> **Records for this task**:

--*--

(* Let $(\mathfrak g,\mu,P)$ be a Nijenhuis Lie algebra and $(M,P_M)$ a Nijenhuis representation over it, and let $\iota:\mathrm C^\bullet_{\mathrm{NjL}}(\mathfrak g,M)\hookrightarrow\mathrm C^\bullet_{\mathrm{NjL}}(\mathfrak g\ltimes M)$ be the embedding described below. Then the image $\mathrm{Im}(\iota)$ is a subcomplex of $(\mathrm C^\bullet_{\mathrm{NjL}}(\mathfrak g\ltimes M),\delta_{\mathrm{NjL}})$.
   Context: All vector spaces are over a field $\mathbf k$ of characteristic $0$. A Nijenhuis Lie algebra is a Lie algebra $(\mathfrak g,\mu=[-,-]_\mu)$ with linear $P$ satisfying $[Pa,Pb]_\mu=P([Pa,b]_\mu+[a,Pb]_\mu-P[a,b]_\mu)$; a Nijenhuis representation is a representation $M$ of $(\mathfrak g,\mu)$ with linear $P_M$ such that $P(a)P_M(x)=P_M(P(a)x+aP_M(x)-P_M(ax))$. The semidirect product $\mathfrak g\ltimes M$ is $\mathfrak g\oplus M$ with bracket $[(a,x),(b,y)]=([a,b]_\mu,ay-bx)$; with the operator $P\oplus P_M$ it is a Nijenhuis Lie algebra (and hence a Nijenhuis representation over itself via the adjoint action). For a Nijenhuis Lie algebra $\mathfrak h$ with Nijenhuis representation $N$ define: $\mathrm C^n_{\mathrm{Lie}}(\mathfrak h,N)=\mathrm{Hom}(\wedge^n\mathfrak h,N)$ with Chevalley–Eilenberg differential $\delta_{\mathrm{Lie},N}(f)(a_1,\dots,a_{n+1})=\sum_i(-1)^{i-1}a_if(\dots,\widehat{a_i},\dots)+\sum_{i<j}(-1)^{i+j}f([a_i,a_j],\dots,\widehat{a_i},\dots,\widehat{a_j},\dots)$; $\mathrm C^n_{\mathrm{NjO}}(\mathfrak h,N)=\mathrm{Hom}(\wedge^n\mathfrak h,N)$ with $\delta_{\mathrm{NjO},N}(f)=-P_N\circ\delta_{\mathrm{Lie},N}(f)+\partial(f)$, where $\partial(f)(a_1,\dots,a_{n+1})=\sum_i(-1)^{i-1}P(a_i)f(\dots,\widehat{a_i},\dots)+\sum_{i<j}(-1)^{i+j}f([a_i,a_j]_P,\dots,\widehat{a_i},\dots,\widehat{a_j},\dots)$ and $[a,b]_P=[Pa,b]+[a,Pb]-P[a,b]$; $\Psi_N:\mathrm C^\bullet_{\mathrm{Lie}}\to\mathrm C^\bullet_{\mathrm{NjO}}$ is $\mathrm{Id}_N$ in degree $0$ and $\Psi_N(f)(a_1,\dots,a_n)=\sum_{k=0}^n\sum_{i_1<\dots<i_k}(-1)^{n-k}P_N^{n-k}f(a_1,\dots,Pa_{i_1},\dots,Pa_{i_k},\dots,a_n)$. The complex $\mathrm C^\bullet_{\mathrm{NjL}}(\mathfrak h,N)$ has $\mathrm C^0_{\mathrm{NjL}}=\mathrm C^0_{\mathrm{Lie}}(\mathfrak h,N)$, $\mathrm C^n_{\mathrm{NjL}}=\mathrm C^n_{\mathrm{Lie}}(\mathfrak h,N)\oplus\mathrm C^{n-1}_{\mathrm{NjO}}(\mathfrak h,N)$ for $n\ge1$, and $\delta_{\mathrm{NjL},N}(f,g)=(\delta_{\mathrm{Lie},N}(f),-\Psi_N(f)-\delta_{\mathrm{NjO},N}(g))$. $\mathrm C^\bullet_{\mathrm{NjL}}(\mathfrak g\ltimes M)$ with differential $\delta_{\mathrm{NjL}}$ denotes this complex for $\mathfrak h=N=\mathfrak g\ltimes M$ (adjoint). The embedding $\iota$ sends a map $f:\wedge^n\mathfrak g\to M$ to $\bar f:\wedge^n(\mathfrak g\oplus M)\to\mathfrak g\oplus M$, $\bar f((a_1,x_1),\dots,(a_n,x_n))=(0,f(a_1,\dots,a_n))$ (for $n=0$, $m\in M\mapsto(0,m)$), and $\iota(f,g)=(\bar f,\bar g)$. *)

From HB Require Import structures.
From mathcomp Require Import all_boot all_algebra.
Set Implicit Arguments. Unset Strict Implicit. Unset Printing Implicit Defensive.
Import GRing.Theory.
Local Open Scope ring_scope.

--*--

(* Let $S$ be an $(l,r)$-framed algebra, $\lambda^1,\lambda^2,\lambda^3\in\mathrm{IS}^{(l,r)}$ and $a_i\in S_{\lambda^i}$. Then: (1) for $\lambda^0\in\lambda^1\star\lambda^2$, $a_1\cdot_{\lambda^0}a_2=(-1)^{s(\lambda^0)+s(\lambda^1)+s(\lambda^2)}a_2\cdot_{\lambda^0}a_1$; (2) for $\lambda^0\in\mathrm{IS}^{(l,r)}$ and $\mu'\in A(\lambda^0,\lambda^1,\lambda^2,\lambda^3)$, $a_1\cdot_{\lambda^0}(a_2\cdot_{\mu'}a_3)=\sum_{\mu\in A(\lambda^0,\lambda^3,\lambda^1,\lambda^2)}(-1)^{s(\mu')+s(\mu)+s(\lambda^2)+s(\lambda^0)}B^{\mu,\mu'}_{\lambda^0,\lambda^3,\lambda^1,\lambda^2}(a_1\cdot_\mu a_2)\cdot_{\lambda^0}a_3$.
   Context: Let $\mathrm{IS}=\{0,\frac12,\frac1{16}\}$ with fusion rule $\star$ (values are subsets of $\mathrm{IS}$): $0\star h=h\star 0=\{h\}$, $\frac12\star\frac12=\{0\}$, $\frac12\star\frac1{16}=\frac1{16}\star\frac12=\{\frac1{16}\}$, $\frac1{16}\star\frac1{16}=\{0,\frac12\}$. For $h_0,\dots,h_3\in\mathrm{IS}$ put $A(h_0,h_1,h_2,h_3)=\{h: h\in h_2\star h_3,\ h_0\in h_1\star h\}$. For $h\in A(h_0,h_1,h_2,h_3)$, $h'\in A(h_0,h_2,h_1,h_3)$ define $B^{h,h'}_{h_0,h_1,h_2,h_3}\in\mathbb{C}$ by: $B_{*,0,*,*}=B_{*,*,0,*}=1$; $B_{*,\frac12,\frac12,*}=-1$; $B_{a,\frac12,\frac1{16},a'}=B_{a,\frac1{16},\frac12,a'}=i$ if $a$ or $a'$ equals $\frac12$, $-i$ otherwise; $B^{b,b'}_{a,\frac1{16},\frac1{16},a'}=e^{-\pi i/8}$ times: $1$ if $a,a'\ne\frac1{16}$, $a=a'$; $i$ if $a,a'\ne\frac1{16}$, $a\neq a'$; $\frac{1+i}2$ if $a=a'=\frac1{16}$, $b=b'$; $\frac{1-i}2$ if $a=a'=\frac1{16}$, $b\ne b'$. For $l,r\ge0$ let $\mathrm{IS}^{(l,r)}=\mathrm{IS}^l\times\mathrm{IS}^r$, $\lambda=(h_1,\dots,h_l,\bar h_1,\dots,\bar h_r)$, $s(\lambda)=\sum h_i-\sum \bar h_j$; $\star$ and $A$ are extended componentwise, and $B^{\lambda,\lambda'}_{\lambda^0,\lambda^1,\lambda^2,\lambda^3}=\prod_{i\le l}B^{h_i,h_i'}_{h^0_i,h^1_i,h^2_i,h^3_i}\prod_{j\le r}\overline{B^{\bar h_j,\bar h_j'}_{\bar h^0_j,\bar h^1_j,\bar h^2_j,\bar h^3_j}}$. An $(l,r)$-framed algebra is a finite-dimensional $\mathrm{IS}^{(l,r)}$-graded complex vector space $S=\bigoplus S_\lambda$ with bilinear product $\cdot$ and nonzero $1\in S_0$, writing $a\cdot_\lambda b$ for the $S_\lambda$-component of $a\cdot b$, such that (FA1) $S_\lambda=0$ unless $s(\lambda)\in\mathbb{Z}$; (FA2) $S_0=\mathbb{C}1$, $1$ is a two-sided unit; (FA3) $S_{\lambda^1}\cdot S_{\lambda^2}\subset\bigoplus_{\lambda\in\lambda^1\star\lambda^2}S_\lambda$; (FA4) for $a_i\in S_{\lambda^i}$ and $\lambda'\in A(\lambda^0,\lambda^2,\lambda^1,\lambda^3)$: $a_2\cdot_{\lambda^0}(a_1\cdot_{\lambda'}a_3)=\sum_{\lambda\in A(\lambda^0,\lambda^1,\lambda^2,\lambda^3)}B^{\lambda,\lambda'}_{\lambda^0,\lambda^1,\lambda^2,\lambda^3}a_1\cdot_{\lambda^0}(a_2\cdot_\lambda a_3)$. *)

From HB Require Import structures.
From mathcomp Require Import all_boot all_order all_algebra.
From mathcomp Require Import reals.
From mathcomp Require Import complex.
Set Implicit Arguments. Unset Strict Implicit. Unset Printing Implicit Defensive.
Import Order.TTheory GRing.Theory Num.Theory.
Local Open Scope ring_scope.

--*--

> **Exercise aim**: Every line above from the line with "From mathcomp Require Import all_boot all_order" to the line with "Import Order.TTheory GRing.Theory Num.Theory.", inclusive, must be returned exactly; no other line belongs in the reply.

> **Your solution**:
From mathcomp Require Import all_boot all_order all_algebra.
From mathcomp Require Import reals.
From mathcomp Require Import complex.
Set Implicit Arguments. Unset Strict Implicit. Unset Printing Implicit Defensive.
Import Order.TTheory GRing.Theory Num.Theory.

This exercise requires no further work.